Pak PM “Imran Khan called Osama bin Laden “shaheed.”
ISLAMABAD: Pakistan Prime Minister Imran Khan on June 25 called 9/11 mastermind Osama Bin Laden a “martyr” during his speech in the National Assembly, reports suggest.Osama bin Laden was killed by US special forces who raided his compound in Pakistan in 2011.
While addressing the National Assembly, he said, “There was an event in the past that was a matter of shame for us when Americans came to Abbottabad and killed and martyred Osama bin Laden.”
A video clip, posted by journalist Naila Inayat on Twitter, showed how the PTI leader lashed out at the United States for how Laden had been killed in Abbottabad. Khan said, “shaheed kar diya”.
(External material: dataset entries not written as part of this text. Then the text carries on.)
(* Let $\mathcal C$ be either a closed convex curve, or a convex arc with total curvature $\int_{\mathcal C}\kappa\,ds\le\pi$, and assume its radius of curvature satisfies $R_1\le\rho\le R_2$ at every point, for constants $0<R_1\le R_2$. Let $\mathcal L$ be a lattice in $\mathbb R^2$ and let $P_1',P_2',P_3'$ be distinct points of $\mathcal L$ with $\mathrm{dist}(P_j',\mathcal C)<\delta$ for $j=1,2,3$, where $\delta>0$ satisfies $$\delta<\frac{d_{\mathcal L}^2}{2\left(R_2+d_{\mathcal L}+\sqrt{(R_2+d_{\mathcal L})^2-d_{\mathcal L}^2}\right)},$$ and let $P_j$ be a point of $\mathcal C$ with $\|P_j-P_j'\|<\delta$ for $j=1,2,3$. Then $$\mathrm{Area}(\triangle P_1P_2P_3)\ge\frac{A_{\mathcal L}}{2}-\big(\|P_2-P_1\|+\|P_3-P_2\|\big)\delta-\frac32\delta^2.$$
   Context: A lattice is a set $\mathcal L=\mathcal L(v_0,v_1,v_2)=\{v_0+mv_1+nv_2: m,n\in\mathbb Z\}$ where $v_0,v_1,v_2\in\mathbb R^2$ and $v_1,v_2$ are linearly independent; $A_{\mathcal L}=|\det(v_1,v_2)|$ and $d_{\mathcal L}=\min\{\|P-Q\|:P,Q\in\mathcal L,\ P\ne Q\}$. Curves are of class $C^2$ with nonvanishing first and second derivative vectors, oriented so that the curvature $\kappa$ is positive; a convex arc is such a non-closed curve on the boundary of a convex planar region. $\rho=1/\kappa$, $s$ is arclength, and $\mathrm{dist}(P,\mathcal C)$ is the Euclidean distance from $P$ to $\mathcal C$. *)

From Stdlib Require Import Reals ZArith.
From Coquelicot Require Import Coquelicot.
Open Scope R_scope.

Definition pt := (R * R)%type.

Definition dist2 (P Q : pt) : R :=
  sqrt ((fst P - fst Q) ^ 2 + (snd P - snd Q) ^ 2).
Definition det2 (u v : pt) : R := fst u * snd v - snd u * fst v.
Definition vsub (P Q : pt) : pt := (fst P - fst Q, snd P - snd Q).

Definition tri_area (P1 P2 P3 : pt) : R :=
  Rabs (det2 (vsub P2 P1) (vsub P3 P1)) / 2.

Definition lattice_pt (v0 v1 v2 : pt) (P : pt) : Prop :=
  exists m n : Z,
    P = (fst v0 + IZR m * fst v1 + IZR n * fst v2,
         snd v0 + IZR m * snd v1 + IZR n * snd v2).

Definition lattice_area (v1 v2 : pt) : R := Rabs (det2 v1 v2).

Definition is_lattice_min_dist (v0 v1 v2 : pt) (d : R) : Prop :=
  (exists P Q, lattice_pt v0 v1 v2 P /\ lattice_pt v0 v1 v2 Q /\ P <> Q /\
               dist2 P Q = d) /\
  (forall P Q, lattice_pt v0 v1 v2 P -> lattice_pt v0 v1 v2 Q -> P <> Q ->
               d <= dist2 P Q).

Definition convex_set (K : pt -> Prop) : Prop :=
  forall P Q (l : R), K P -> K Q -> 0 <= l <= 1 ->
    K ((1 - l) * fst P + l * fst Q, (1 - l) * snd P + l * snd Q).
Definition boundary (K : pt -> Prop) (P : pt) : Prop :=
  forall e, 0 < e ->
    (exists Q, K Q /\ dist2 P Q < e) /\ (exists Q, ~ K Q /\ dist2 P Q < e).
Definition nonempty_interior (K : pt -> Prop) : Prop :=
  exists P e, 0 < e /\ forall Q, dist2 P Q < e -> K Q.
Definition bounded_set (K : pt -> Prop) : Prop :=
  exists M, forall P, K P -> dist2 P (0, 0) <= M.

Definition C2_param (x y x1 y1 x2 y2 : R -> R) : Prop :=
  forall t, is_derive x t (x1 t) /\ is_derive y t (y1 t) /\
            is_derive x1 t (x2 t) /\ is_derive y1 t (y2 t) /\
            continuous x2 t /\ continuous y2 t.

Definition regular_on (x1 y1 x2 y2 : R -> R) (a b : R) : Prop :=
  forall t, a <= t <= b -> (x1 t, y1 t) <> (0, 0) /\ (x2 t, y2 t) <> (0, 0).

Definition speed (x1 y1 : R -> R) (t : R) : R := sqrt (x1 t ^ 2 + y1 t ^ 2).

Definition curvature (x1 y1 x2 y2 : R -> R) (t : R) : R :=
  (x1 t * y2 t - y1 t * x2 t) / (speed x1 y1 t ^ 3).

Definition on_curve (x y : R -> R) (a b : R) (P : pt) : Prop :=
  exists t, a <= t <= b /\ P = (x t, y t).

Definition dist_curve (x y : R -> R) (a b : R) (P : pt) : Rbar :=
  Glb_Rbar (fun r => exists t, a <= t <= b /\ r = dist2 P (x t, y t)).

Definition total_curvature (x1 y1 x2 y2 : R -> R) (a b : R) : R :=
  RInt (fun t => curvature x1 y1 x2 y2 t * speed x1 y1 t) a b.

Definition closed_convex_curve (x y : R -> R) (a b : R) : Prop :=
  a < b /\
  (forall t, x (t + (b - a)) = x t /\ y (t + (b - a)) = y t) /\
  (forall s t, a <= s < b -> a <= t < b -> (x s, y s) = (x t, y t) -> s = t) /\
  exists K : pt -> Prop, convex_set K /\ bounded_set K /\ nonempty_interior K /\
    forall P, boundary K P <-> on_curve x y a b P.

Definition convex_arc (x y : R -> R) (a b : R) : Prop :=
  a < b /\
  (forall s t, a <= s <= b -> a <= t <= b -> (x s, y s) = (x t, y t) -> s = t) /\
  exists K : pt -> Prop, convex_set K /\ nonempty_interior K /\
    forall t, a <= t <= b -> boundary K (x t, y t).

(* If P1', P2', P3' are not collinear, twice the area of the lattice triangle is a nonzero
   integer multiple of A_L, and moving each vertex by less than delta changes it by at most
   2 delta (|P2 - P1| + |P3 - P2|) + 3 delta ^ 2.
   Collinear lattice points are excluded by curvature. Three distinct collinear lattice
   points are Xm - p u, Xm, Xm + q u with p, q >= d_L, so the curve would contain a chord
   from its point near Xm that is longer than d_L - 2 delta along u and shorter than
   2 delta across u. But in the unit tangent frame at any of its points, a convex curve
   with radius of curvature at most R2 has its chords inside the parabola
   tangential ^ 2 <= 2 R2 normal (on an arc this is shown for chords pointing ahead of the
   tangent, and the total curvature bound PI lets one choose such a chord), and the
   bound on delta is exactly what puts such a flat chord outside that parabola. *)

From Stdlib Require Import Reals ZArith Lra Psatz Classical.
From Coquelicot Require Import Coquelicot.
Open Scope R_scope.

Lemma continuity_pt_of_is_derive (f : R -> R) (t l : R) : is_derive f t l -> continuity_pt f t.
Proof.
  intros Hf. apply continuity_pt_filterlim, (ex_derive_continuous f t).
  now exists l.
Qed.

Lemma is_derive_eq (f : R -> R) (t l l' : R) : is_derive f t l -> l = l' -> is_derive f t l'.
Proof. now intros Hf <-. Qed.

Section MeanValue.
Variables (f df : R -> R) (p q : R).
Hypothesis f_deriv : forall t, p <= t <= q -> is_derive f t (df t).

Lemma mvt_interval : p <= q -> exists c, p <= c <= q /\ f q - f p = df c * (q - p).
Proof.
  intros Hpq.
  destruct (MVT_gen f p q df) as [c [Hc Hmvt]];
    unfold Rmin, Rmax in *; destruct (Rle_dec p q); try lra.
  - intros t Ht. apply f_deriv. lra.
  - intros t Ht. apply (continuity_pt_of_is_derive _ _ (df t)), f_deriv. lra.
  - now exists c.
Qed.

Lemma le_of_derive_nonneg :
  p <= q -> (forall t, p <= t <= q -> 0 <= df t) -> f p <= f q.
Proof.
  intros Hpq Hdf. destruct (mvt_interval Hpq) as [c [Hc Hmvt]].
  specialize (Hdf c Hc). nra.
Qed.

Lemma lt_of_derive_pos :
  p < q -> (forall t, p <= t <= q -> 0 < df t) -> f p < f q.
Proof.
  intros Hpq Hdf. destruct (mvt_interval (Rlt_le _ _ Hpq)) as [c [Hc Hmvt]].
  specialize (Hdf c Hc). nra.
Qed.

Lemma eq_of_derive_zero :
  p <= q -> (forall t, p <= t <= q -> df t = 0) -> f p = f q.
Proof.
  intros Hpq Hdf. destruct (mvt_interval Hpq) as [c [Hc Hmvt]].
  rewrite (Hdf c Hc) in Hmvt. lra.
Qed.

End MeanValue.

Lemma continuity_pt_pos_near (f : R -> R) (t : R) : continuity_pt f t -> 0 < f t ->
  exists eta, 0 < eta /\ forall u, Rabs (u - t) < eta -> 0 < f u.
Proof.
  intros Hf Hpos. destruct (Hf (f t) Hpos) as [eta [Heta Hnear]].
  exists eta. split; [exact Heta|]. intros u Hu.
  destruct (Req_dec u t) as [->|Hne]; [exact Hpos|].
  assert (Hd : Rabs (f u - f t) < f t) by (apply (Hnear u); repeat split; auto).
  apply Rabs_def2 in Hd. lra.
Qed.

Lemma continuity_pt_neg_near (f : R -> R) (t : R) : continuity_pt f t -> f t < 0 ->
  exists eta, 0 < eta /\ forall u, Rabs (u - t) < eta -> f u < 0.
Proof.
  intros Hf Hneg.
  destruct (continuity_pt_pos_near (fun u => - f u) t) as [eta [Heta Hnear]].
  - now apply continuity_pt_opp.
  - lra.
  - exists eta. split; [exact Heta|]. intros u Hu. specialize (Hnear u Hu). lra.
Qed.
“America came inside Pakistan and killed and martyred Osama Bin Laden. After which all the countries cursed us. Pakistan has faced humiliation for many years in war on terror,” news agency ANI reported Khan as saying.
At the time of his death, the al-Qaeda chief was the world’s most wanted terrorist. According to reports, even before Khan had become the Prime Minister, he had refused to call Bin Laden a terrorist.
This is, however, not the first time that Imran Khan has showed a soft corner for bin Laden, according to news agency ANI. In September 2019, during his US tour, Khan said Pakistan had informed the American security agencies about the presence of Osama bin Laden in Abbottabad, said ANI.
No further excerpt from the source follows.